ピリポは使徒ではありませんでした。『使徒の働き』の6章を見ると、使徒たちが祈りと御言葉の働きに専念するにあたって、それまでは使徒たちが携わっていた配給の働きを代わるため、ピリポと他の6名の者が選ばれています。つまり、御言葉よりも配給こそがピリポの主な働きであったのです。その彼が迫害によって散らされ、サマリヤへ行きました。それは当時のユダヤ人が宗教的・民族的に対立していたサマリヤ人がいた町です。配給の働きに専念していたピリポが、迫害の危険が迫る中、普通なら足を運ばないようなところへ行って、キリストを宣べ伝えたのです。
なぜピリポはサマリヤでキリストを宣べ伝えたのでしょうか。
それは、彼が主体的に生きたからです。「今、私は何をすべきか」ということを考え、祈りつつ決断し、行動したからです。強いられたからではありません。義務感からそうしたのでもありません。自分にできることを、精一杯やったまでのことです。どんな状況であろうと、「主が私に何らかの計画を持っておられるに違いない」と信じて、与えられた務めに励んだのです。
私が神学校に入って間もない頃、当時の神学校の校長であったマーティン・クラーク宣教師が一つの質問を投げかけてきました。
「あなたはなぜ伝道するのですか。」
私は自信満々で答えました。
「それはキリスト者の義務であるからです」
それを聞いたクラーク先生は、「それだけですか」と反論されました。私は少々ムッときて、「義務であることの他に何があるんですか。聖書にちゃんと書いてあるじゃないですか」と言い返しました。
するとクラーク先生は、次のようにおっしゃいました。
「私たちが伝道するのは、確かにキリストがお命じになったからです。しかし、それ以上に大切なことは、私たちの内側の問題です。罪人の私たちを愛して、私たちのために命を投げ出されたキリストに応えるために、私たちは伝道するのではないでしょうか。キリストに救われた喜びがあるからこそ、伝道せずにはおれないのではないでしょうか。私たちに何ができるのか、強制されてではなく、救いの喜びから考える必要があるのです。」
これを聞いて、頭をガツンと殴られたような気がしました。伝道や奉仕ということの原点を改めて教えられたからです。それと同時に、学生時代にKGK運動で教えられた主体的に生きるということを改めて思い起こしました。その後、主体的に生きるということを考える度に、私はこの出来事を思い起こします。
キリスト者は、本来、「使われる人間」ではなく、「自ら動く人間」です。神に従うという一面はありますが、イエス・キリストの恵みに応えるという点で、御言葉を通して考え、「自ら動く人間」になることができるのです。

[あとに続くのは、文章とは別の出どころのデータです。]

(* Let $(X,T)$ be a minimal topological dynamical system whose proximal relation ${\bf P}(X,T)$ is closed in $X\times X$, and let $d\in\mathbb{N}$. Then the maximal distal factor of $(N_d(X,T),\mathcal{G}_d(T))$ is $(N_d(X_{dis},T),\mathcal{G}_d(T))$, where $X_{dis}$ is the maximal distal factor of $(X,T)$ (the factor map being the restriction of $\pi\times\cdots\times\pi$, $\pi:X\to X_{dis}$).
   Context: ${\bf P}(X,T)=\{(x,y)\in X^2:\liminf_{n\in\mathbb{Z}}\rho(T^nx,T^ny)=0\}$. $\sigma_d(T)=T\times\cdots\times T$, $\tau_d(T)=T\times T^2\times\cdots\times T^d$ on $X^d$, $\mathcal{G}_d(T)=\langle\sigma_d(T),\tau_d(T)\rangle$, $N_d(X,T)=\overline{\{(T^{p+q}x,\dots,T^{p+dq}x):x\in X,p,q\in\mathbb{Z}\}}$. A system is distal if its proximal relation is the diagonal; the maximal distal factor is the largest distal factor. *)

From HB Require Import structures.
From mathcomp Require Import all_boot all_order all_algebra.
From mathcomp Require Import all_classical all_reals all_analysis.
Unset Printing Implicit Defensive.
Import Order.TTheory GRing.Theory Num.Theory.
Local Open Scope classical_set_scope.
Local Open Scope ring_scope.

Section Defs.
Context {R : realType}.

(** integer iterates of an invertible map [f] with inverse [finv]:
    T^n for n >= 0 is [iter n f], T^(-(k+1)) is [iter k.+1 finv] *)
Definition iterz {X : Type} (f finv : X -> X) (n : int) : X -> X :=
  match n with
  | Posz k => iter k f
  | Negz k => iter k.+1 finv
  end.

Definition zact {X : Type} (T Tinv : X -> X) : int -> X -> X := iterz T Tinv.

(** The proximal relation P(X,T) of a Z-system, literally:
    liminf_{n in Z} rho(T^n x, T^n y) = 0, i.e. for every e > 0 and every N
    there is n with |n| >= N and rho(T^n x, T^n y) < e. *)
Definition proxrel {X : pseudoMetricType R} (T Tinv : X -> X) : set (X * X) :=
  [set xy | forall (e : R) (N : nat), 0 < e ->
     exists n : int, (N <= `|n|)%N /\ ball (iterz T Tinv n xy.1) e (iterz T Tinv n xy.2)].

Definition minimal_sys {X : topologicalType} (T : X -> X) :=
  forall A : set X, closed A -> A !=set0 -> T @` A = A -> A = setT.

(** General group actions  act : G -> Y -> Y  restricted to a subset A of Y
    (the phase space of the system is the subspace A). *)

Definition proximal {G : Type} {Y : pseudoMetricType R}
  (act : G -> Y -> Y) (x y : Y) :=
  forall e : R, 0 < e -> exists g : G, ball (act g x) e (act g y).

Definition system_on {G : Type} {Y : pseudoMetricType R}
  (act : G -> Y -> Y) (A : set Y) :=
  [/\ hausdorff_space Y, compact A,
      forall g, {within A, continuous (act g)} &
      forall g, act g @` A `<=` A].

Definition distal_on {G : Type} {Y : pseudoMetricType R}
  (act : G -> Y -> Y) (A : set Y) :=
  forall x y, A x -> A y -> proximal act x y -> x = y.

Definition factor_map {G : Type} {Y Z : pseudoMetricType R}
  (actY : G -> Y -> Y) (A : set Y) (actZ : G -> Z -> Z) (B : set Z)
  (f : Y -> Z) :=
  [/\ {within A, continuous f}, f @` A = B &
      forall g x, A x -> f (actY g x) = actZ g (f x)].

Definition max_distal_factor {G : Type} {Y Z : pseudoMetricType R}
  (actY : G -> Y -> Y) (A : set Y) (actZ : G -> Z -> Z) (B : set Z)
  (f : Y -> Z) :=
  [/\ system_on actZ B, factor_map actY A actZ B f, distal_on actZ B &
      forall (W : pseudoMetricType R) (actW : G -> W -> W) (C : set W)
             (h : Y -> W),
        system_on actW C -> factor_map actY A actW C h -> distal_on actW C ->
        exists k : Z -> W,
          factor_map actZ B actW C k /\ forall x, A x -> h x = k (f x)].

(** X^d, with the max (sup) metric over the d coordinates *)
Definition powd (X : pseudoMetricType R) (d : nat) : pseudoMetricType R :=
  arrow_uniform_type 'I_d X.

(** sigma_d(T) = T x ... x T,  tau_d(T) = T x T^2 x ... x T^d
    (coordinate i : 'I_d is the (i+1)-th coordinate) *)
Definition sigma_d {X : pseudoMetricType R} (d : nat) (T : X -> X)
  : powd X d -> powd X d := fun x i => T (x i).
Definition tau_d {X : pseudoMetricType R} (d : nat) (T : X -> X)
  : powd X d -> powd X d := fun x i => iter i.+1 T (x i).

(** the action of G_d(T) = <sigma_d(T), tau_d(T)> (sigma and tau commute,
    so every element is sigma^p tau^q) *)
Definition gd_act {X : pseudoMetricType R} (d : nat) (T Tinv : X -> X)
  : int * int -> powd X d -> powd X d :=
  fun pq => iterz (sigma_d d T) (sigma_d d Tinv) pq.1
            \o iterz (tau_d d T) (tau_d d Tinv) pq.2.

Definition Nd {X : pseudoMetricType R} (d : nat) (T Tinv : X -> X)
  : set (powd X d) :=
  closure [set y : powd X d | exists (x : X) (p q : int),
                      y = (fun i : 'I_d => iterz T Tinv (p + (i.+1)%:Z * q) x)].

Definition powmap {X Y : pseudoMetricType R} (d : nat) (pi : X -> Y)
  : powd X d -> powd Y d := fun x i => pi (x i).

End Defs.

From HB Require Import structures.
From mathcomp Require Import all_boot all_order all_algebra.
From mathcomp Require Import all_classical all_reals all_analysis.
From mathcomp Require Import zify ring lra.
Import Order.TTheory GRing.Theory Num.Theory.
Local Open Scope classical_set_scope.
Local Open Scope ring_scope.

今、私を含めてKGK運動に関わる全ての者に求められていることは、この「自ら動く人間」になるということかもしれません。「あれはできない。これもできない」と言う前に、「誰かがやってくれるだろう」と思う前に、自分が何をなすべきか、自分に何ができるのか、しっかり考えようではありませんか。周囲の目を気にしたり、自分のことばかり考えたりするのではなく、時には犠牲を払うことを覚悟して、キリストに応えていく者でありたいと思います。どのような状況にあろうとも、小さな働きであろうとも、キリストは必ず私たちを祝福して用いてくださるはずです。